▶ **Brief**
Stop after the line that contains "Lemma sum_vertex_expr_conj (a"; until then, restate each line of the entries word for word from the very first.

▶ **Information provided**
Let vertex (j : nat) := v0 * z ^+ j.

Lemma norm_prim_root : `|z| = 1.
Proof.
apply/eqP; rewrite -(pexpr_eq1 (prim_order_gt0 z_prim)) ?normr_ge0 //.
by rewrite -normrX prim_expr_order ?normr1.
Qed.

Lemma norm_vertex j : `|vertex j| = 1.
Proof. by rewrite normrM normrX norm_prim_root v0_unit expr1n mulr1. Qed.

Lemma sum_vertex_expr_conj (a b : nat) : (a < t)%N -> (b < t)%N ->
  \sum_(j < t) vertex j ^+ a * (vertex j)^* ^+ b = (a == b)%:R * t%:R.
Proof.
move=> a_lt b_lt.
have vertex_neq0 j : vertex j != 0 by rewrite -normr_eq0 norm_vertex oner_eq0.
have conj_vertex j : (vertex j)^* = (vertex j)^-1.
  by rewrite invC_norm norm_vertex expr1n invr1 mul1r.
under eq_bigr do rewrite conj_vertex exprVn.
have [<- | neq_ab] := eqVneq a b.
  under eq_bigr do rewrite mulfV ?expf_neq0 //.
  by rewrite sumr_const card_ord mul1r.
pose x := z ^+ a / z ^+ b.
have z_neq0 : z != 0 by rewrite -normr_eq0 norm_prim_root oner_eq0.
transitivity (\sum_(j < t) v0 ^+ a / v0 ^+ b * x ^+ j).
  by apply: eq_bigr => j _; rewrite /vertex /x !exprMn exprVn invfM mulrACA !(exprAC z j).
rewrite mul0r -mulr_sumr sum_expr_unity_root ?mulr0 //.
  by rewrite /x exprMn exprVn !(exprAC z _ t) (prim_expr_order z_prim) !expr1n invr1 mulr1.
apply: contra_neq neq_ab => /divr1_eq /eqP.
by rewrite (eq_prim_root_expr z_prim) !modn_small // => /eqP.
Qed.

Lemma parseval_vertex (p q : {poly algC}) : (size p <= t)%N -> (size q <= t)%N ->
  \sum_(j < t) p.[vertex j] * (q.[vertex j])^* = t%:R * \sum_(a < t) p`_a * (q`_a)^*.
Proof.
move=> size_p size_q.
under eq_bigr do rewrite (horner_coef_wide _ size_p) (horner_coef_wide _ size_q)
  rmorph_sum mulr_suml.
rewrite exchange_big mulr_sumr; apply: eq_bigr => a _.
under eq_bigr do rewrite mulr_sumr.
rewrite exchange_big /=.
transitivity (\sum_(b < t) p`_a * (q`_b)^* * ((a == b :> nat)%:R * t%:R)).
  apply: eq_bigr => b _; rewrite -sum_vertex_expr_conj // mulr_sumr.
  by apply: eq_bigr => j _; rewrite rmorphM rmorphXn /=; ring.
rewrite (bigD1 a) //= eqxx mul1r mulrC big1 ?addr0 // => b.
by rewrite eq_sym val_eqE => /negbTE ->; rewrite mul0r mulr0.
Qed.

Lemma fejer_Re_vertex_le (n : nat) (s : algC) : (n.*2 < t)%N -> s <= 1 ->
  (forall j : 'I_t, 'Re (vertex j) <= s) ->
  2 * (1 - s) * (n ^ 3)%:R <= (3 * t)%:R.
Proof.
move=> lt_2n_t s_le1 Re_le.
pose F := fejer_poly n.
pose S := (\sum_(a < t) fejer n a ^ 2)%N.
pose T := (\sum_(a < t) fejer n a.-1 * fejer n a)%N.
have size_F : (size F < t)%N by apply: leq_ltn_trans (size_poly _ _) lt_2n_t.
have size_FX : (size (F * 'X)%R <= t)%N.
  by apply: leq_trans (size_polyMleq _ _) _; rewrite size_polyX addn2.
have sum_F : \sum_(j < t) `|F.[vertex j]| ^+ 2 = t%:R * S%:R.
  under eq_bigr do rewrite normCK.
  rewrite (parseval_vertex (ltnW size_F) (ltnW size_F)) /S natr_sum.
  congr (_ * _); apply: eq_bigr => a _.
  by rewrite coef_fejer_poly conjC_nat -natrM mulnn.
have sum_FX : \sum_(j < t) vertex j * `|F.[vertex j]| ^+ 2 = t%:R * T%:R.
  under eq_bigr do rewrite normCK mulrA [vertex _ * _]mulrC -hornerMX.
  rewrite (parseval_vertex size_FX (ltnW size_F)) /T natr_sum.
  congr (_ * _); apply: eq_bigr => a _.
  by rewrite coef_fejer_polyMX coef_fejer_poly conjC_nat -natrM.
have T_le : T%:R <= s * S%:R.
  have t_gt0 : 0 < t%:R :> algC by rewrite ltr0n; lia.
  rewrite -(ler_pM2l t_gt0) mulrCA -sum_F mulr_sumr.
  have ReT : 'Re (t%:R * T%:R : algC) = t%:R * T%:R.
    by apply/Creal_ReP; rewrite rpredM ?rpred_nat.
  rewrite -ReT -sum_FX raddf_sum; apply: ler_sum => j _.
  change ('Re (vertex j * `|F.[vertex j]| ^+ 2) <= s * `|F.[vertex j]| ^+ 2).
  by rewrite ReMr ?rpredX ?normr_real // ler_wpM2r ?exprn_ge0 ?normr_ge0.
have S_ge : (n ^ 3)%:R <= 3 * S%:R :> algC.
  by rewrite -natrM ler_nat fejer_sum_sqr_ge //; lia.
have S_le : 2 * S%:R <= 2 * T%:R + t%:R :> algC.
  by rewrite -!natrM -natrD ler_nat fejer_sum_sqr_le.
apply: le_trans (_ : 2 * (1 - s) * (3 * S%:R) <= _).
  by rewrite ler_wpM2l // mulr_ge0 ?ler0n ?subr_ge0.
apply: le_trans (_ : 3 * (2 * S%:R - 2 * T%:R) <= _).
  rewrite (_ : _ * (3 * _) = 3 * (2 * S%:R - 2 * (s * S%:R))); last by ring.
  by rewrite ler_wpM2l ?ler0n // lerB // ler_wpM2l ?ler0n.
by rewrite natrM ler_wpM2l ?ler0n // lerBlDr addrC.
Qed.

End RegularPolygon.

▶ **Task response**
Let vertex (j : nat) := v0 * z ^+ j.

Lemma norm_prim_root : `|z| = 1.
Proof.
apply/eqP; rewrite -(pexpr_eq1 (prim_order_gt0 z_prim)) ?normr_ge0 //.
by rewrite -normrX prim_expr_order ?normr1.
Qed.

Lemma norm_vertex j : `|vertex j| = 1.
Proof. by rewrite normrM normrX norm_prim_root v0_unit expr1n mulr1. Qed.

Lemma sum_vertex_expr_conj (a b : nat) : (a < t)%N -> (b < t)%N ->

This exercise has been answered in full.